TASK GOAL =>
Work through the records below and copy every line that includes "match".
[Start of section]
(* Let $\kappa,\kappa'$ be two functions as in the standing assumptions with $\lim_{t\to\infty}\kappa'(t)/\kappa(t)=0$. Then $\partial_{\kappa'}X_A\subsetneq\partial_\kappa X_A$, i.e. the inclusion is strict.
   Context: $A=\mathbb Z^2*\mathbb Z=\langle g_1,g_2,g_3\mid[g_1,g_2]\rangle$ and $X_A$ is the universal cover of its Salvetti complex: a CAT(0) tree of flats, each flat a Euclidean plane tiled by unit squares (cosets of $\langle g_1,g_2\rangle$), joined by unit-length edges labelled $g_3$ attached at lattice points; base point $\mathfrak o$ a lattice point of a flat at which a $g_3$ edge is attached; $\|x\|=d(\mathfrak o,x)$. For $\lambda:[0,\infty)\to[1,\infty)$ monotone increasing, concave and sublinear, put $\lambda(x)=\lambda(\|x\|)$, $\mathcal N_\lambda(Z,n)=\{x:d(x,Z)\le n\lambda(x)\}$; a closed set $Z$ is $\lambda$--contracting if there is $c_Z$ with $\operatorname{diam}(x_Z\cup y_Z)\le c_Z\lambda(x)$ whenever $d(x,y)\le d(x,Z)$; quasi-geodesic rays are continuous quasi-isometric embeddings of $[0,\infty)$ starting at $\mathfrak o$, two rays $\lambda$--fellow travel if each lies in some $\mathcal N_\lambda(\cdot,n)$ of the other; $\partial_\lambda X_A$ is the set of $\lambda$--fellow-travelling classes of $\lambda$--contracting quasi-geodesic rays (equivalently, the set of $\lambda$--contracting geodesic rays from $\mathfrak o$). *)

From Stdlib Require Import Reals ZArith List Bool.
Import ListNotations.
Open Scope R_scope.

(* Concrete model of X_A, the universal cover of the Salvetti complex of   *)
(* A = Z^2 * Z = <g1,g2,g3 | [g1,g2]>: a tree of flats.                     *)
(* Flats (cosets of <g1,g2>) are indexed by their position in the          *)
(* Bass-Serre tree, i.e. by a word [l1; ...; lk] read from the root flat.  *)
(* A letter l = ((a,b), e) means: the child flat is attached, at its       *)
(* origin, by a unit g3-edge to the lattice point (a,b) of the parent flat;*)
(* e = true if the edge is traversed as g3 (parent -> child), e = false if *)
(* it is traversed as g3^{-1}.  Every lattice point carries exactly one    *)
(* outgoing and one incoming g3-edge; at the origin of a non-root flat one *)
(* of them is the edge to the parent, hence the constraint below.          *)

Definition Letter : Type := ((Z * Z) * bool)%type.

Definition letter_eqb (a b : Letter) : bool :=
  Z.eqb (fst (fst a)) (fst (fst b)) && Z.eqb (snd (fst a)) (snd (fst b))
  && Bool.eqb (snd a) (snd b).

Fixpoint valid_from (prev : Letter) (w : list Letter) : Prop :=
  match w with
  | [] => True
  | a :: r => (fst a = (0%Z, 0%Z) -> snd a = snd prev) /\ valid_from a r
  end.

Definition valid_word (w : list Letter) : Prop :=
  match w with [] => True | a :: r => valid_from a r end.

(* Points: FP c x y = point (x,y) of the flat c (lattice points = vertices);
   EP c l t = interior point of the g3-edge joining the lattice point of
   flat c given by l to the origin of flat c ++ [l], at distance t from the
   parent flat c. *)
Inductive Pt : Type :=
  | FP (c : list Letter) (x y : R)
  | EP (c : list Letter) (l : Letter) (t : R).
[End of section]
[Start of section]
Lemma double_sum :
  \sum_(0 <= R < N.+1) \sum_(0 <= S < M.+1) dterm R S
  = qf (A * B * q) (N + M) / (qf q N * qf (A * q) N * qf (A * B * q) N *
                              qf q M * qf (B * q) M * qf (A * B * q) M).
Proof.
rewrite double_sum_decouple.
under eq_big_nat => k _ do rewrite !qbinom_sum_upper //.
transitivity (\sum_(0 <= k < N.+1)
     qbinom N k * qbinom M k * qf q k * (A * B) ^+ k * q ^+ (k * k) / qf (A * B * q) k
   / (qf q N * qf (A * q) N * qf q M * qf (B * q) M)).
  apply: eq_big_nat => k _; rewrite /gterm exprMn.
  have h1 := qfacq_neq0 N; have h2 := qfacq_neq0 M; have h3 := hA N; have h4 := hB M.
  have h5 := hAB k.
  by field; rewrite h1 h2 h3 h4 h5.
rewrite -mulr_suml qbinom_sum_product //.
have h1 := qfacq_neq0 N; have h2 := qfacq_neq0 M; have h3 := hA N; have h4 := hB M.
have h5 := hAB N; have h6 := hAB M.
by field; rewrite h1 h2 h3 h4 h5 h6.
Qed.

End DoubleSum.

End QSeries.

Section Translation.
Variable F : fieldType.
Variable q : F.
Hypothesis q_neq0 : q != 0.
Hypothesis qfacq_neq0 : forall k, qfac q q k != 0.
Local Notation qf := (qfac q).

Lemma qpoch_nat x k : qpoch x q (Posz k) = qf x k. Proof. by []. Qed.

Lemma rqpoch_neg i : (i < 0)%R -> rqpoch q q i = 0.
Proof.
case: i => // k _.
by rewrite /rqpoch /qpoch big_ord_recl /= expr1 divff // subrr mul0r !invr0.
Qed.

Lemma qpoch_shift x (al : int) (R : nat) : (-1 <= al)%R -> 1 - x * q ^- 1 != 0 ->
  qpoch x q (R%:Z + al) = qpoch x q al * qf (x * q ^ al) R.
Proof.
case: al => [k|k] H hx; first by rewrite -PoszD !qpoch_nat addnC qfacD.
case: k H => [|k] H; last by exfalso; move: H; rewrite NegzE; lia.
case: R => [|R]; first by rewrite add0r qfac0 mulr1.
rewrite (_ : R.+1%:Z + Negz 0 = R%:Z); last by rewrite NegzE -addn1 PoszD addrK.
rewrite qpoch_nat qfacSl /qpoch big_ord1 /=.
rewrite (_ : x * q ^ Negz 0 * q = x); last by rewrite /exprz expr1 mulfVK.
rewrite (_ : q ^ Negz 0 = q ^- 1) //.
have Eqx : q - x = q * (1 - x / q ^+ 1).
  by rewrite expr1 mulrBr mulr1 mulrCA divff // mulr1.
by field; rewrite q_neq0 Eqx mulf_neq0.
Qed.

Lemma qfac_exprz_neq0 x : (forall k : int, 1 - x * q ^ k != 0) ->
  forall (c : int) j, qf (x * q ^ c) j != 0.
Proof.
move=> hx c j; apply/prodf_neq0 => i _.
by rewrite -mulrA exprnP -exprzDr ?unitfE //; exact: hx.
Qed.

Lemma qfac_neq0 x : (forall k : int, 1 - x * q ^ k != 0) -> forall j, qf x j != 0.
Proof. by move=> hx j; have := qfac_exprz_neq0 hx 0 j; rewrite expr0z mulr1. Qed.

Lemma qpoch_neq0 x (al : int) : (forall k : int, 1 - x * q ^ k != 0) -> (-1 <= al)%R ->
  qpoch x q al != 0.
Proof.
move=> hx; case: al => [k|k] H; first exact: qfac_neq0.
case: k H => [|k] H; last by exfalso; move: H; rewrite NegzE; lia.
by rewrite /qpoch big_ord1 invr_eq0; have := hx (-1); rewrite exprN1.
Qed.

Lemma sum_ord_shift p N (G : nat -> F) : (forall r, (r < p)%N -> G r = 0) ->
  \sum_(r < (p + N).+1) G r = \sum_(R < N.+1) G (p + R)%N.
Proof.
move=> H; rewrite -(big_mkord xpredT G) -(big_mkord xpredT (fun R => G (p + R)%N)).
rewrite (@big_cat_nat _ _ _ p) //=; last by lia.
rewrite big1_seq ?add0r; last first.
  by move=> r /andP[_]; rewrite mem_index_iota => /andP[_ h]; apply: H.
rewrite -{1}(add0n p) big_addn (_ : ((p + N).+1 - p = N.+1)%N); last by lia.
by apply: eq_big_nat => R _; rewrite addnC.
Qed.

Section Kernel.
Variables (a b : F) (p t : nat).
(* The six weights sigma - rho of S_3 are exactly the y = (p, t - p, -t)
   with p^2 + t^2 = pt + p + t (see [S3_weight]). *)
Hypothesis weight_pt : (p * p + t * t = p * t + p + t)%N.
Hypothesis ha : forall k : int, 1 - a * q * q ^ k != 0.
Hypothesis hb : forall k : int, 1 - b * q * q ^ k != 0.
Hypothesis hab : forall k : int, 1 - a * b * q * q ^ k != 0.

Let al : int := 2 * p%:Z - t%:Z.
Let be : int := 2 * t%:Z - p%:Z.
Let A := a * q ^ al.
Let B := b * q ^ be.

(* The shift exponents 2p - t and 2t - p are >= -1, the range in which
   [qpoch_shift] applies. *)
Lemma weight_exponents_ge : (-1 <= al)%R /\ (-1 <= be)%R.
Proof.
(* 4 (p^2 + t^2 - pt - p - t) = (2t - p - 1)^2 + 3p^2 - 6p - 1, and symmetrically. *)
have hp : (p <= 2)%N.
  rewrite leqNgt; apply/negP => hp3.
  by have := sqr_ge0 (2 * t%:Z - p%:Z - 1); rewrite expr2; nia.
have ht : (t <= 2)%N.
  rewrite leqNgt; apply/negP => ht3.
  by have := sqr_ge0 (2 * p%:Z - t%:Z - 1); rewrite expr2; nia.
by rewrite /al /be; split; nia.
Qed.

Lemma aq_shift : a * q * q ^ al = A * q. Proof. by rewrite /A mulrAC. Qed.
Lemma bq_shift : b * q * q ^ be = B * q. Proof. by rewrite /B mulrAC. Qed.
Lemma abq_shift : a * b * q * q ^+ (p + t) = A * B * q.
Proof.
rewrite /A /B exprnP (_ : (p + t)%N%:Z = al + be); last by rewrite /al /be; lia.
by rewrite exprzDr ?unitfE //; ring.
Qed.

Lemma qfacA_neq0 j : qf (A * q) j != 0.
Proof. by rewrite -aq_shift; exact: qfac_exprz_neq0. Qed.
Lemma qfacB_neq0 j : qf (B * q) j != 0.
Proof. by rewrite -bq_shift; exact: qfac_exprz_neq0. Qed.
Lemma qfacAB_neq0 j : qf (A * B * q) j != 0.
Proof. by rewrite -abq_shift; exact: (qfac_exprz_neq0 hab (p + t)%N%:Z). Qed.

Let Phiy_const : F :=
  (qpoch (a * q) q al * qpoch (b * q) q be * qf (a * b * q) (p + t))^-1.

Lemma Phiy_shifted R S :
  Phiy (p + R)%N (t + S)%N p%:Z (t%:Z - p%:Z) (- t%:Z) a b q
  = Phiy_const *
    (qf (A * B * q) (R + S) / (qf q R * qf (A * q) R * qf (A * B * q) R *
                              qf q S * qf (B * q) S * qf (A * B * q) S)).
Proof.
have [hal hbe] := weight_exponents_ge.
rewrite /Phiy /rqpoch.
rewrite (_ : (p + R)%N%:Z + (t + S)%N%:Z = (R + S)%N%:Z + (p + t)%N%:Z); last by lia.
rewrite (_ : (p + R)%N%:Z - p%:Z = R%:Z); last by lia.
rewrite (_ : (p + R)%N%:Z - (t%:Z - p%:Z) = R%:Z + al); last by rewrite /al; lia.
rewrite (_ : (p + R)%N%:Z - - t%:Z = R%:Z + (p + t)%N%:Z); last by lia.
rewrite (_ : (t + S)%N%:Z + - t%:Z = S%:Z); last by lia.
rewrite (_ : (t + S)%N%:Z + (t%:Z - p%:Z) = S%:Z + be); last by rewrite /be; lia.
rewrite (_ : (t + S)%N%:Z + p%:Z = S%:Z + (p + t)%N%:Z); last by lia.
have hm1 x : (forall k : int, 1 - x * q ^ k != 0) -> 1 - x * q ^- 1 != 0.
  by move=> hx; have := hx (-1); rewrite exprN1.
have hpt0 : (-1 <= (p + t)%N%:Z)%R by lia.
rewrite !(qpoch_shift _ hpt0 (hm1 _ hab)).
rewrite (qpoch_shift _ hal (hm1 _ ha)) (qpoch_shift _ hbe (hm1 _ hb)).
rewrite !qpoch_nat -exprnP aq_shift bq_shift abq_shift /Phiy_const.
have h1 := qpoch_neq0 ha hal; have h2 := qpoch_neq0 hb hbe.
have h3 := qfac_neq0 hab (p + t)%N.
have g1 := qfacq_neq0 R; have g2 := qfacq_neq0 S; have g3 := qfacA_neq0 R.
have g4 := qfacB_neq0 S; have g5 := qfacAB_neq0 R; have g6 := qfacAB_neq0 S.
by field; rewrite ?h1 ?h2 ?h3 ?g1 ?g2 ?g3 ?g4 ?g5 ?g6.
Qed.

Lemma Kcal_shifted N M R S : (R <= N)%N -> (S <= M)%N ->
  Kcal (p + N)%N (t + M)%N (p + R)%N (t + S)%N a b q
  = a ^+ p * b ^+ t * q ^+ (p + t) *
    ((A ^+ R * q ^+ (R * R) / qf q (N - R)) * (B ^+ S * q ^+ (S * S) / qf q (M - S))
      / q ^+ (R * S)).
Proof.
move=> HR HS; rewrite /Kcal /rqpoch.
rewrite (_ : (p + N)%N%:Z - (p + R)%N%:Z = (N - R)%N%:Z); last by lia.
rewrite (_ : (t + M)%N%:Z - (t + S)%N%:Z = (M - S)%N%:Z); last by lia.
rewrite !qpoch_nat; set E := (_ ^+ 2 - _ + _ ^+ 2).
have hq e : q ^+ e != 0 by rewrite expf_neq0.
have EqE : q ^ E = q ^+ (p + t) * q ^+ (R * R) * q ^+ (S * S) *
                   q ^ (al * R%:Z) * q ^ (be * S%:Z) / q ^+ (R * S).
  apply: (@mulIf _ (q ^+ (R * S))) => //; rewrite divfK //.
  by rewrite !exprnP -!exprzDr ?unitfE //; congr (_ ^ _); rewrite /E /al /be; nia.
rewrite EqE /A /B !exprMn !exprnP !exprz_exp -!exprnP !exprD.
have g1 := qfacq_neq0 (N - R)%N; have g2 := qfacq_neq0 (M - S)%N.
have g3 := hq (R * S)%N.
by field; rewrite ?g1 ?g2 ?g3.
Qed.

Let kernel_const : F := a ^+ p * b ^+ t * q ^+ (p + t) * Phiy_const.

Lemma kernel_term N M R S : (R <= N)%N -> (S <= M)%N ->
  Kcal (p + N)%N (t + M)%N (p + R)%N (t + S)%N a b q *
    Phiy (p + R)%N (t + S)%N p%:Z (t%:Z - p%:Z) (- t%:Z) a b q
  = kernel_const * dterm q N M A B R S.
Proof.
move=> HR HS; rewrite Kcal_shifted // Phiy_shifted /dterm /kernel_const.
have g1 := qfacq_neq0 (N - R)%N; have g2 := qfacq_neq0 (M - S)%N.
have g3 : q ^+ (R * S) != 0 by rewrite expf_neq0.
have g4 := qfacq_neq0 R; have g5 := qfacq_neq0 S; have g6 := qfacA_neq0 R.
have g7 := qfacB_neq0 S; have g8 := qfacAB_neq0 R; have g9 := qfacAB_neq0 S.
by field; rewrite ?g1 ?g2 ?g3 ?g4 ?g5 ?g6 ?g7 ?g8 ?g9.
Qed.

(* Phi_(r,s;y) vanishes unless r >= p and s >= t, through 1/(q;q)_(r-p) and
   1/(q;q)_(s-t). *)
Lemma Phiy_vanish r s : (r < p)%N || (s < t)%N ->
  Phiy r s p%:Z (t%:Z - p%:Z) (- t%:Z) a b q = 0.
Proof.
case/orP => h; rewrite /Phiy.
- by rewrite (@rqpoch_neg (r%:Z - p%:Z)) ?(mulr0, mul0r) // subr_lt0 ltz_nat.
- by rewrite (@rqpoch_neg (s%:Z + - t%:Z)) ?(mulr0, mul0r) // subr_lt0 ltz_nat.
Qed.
[End of section]
[Start of section]
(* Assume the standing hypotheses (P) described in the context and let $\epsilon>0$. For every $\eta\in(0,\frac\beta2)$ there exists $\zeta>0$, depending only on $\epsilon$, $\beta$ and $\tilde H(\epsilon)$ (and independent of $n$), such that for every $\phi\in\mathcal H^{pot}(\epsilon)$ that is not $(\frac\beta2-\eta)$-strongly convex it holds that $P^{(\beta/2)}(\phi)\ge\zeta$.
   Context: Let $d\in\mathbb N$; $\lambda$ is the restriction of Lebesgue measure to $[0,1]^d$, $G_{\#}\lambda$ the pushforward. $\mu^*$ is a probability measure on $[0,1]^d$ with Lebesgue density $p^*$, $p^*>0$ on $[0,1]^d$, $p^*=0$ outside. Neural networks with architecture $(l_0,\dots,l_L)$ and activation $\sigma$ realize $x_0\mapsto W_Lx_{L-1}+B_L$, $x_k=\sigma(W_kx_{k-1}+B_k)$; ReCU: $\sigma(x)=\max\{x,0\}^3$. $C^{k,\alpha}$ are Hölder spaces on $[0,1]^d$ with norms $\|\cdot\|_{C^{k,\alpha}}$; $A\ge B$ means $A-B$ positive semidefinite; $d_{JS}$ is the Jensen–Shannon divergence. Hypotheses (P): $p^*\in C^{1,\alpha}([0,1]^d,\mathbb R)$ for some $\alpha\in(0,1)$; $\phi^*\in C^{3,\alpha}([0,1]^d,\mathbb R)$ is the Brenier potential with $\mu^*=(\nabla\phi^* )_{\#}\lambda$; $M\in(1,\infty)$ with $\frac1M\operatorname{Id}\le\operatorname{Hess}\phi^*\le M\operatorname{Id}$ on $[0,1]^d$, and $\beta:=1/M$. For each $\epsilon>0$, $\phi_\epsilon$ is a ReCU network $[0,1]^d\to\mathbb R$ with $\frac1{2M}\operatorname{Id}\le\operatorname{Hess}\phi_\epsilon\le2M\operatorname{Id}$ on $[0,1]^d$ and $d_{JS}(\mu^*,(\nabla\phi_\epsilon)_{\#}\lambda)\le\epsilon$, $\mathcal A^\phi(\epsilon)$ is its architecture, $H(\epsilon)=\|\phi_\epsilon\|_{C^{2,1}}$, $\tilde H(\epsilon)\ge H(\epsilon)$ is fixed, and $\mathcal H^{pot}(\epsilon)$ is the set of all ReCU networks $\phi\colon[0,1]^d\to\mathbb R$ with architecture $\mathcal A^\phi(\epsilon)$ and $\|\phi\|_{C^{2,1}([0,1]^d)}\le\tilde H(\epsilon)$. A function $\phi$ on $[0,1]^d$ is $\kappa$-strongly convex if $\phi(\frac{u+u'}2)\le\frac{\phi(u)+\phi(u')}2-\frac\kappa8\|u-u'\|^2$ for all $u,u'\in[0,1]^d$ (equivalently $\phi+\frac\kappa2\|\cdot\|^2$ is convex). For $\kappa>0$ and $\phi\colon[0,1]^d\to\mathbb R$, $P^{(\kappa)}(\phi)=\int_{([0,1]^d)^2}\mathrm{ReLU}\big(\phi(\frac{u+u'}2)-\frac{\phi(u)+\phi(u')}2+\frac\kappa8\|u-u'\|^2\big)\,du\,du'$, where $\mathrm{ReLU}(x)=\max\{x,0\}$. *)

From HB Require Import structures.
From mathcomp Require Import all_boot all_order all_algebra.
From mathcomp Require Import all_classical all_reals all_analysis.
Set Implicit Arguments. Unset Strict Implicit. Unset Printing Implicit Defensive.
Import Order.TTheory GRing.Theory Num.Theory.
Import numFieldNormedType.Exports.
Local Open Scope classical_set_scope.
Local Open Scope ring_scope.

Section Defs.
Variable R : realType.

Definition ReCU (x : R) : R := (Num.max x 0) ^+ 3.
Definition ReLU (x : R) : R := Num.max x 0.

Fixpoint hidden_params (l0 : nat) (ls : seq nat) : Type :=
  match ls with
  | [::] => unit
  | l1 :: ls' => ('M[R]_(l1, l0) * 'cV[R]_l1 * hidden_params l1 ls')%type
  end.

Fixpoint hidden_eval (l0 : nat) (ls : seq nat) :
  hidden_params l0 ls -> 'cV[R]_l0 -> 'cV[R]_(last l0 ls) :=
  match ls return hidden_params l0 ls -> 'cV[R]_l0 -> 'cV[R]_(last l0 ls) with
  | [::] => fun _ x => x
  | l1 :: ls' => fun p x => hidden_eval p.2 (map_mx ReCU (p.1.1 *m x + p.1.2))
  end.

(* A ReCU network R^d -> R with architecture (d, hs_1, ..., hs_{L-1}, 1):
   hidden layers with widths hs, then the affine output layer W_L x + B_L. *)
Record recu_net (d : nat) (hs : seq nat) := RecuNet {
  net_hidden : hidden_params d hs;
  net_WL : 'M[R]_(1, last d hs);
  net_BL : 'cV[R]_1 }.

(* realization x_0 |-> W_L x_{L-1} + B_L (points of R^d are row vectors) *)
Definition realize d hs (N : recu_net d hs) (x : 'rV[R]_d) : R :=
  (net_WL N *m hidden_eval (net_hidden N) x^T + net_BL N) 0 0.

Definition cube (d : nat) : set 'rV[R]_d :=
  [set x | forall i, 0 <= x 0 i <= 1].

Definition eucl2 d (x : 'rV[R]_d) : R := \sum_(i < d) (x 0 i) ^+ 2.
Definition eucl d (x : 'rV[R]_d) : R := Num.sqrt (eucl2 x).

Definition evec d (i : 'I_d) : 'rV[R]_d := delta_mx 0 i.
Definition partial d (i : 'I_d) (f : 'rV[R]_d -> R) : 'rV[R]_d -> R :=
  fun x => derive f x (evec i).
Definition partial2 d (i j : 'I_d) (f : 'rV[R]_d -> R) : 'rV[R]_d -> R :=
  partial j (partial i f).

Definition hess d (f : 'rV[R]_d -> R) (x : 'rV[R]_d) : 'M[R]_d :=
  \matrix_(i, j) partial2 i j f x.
[End of section]
COMPLETED EXERCISE =>
  match w with
  match w with [] => True | a :: r => valid_from a r end.
  match ls with
  match ls return hidden_params l0 ls -> 'cV[R]_l0 -> 'cV[R]_(last l0 ls) with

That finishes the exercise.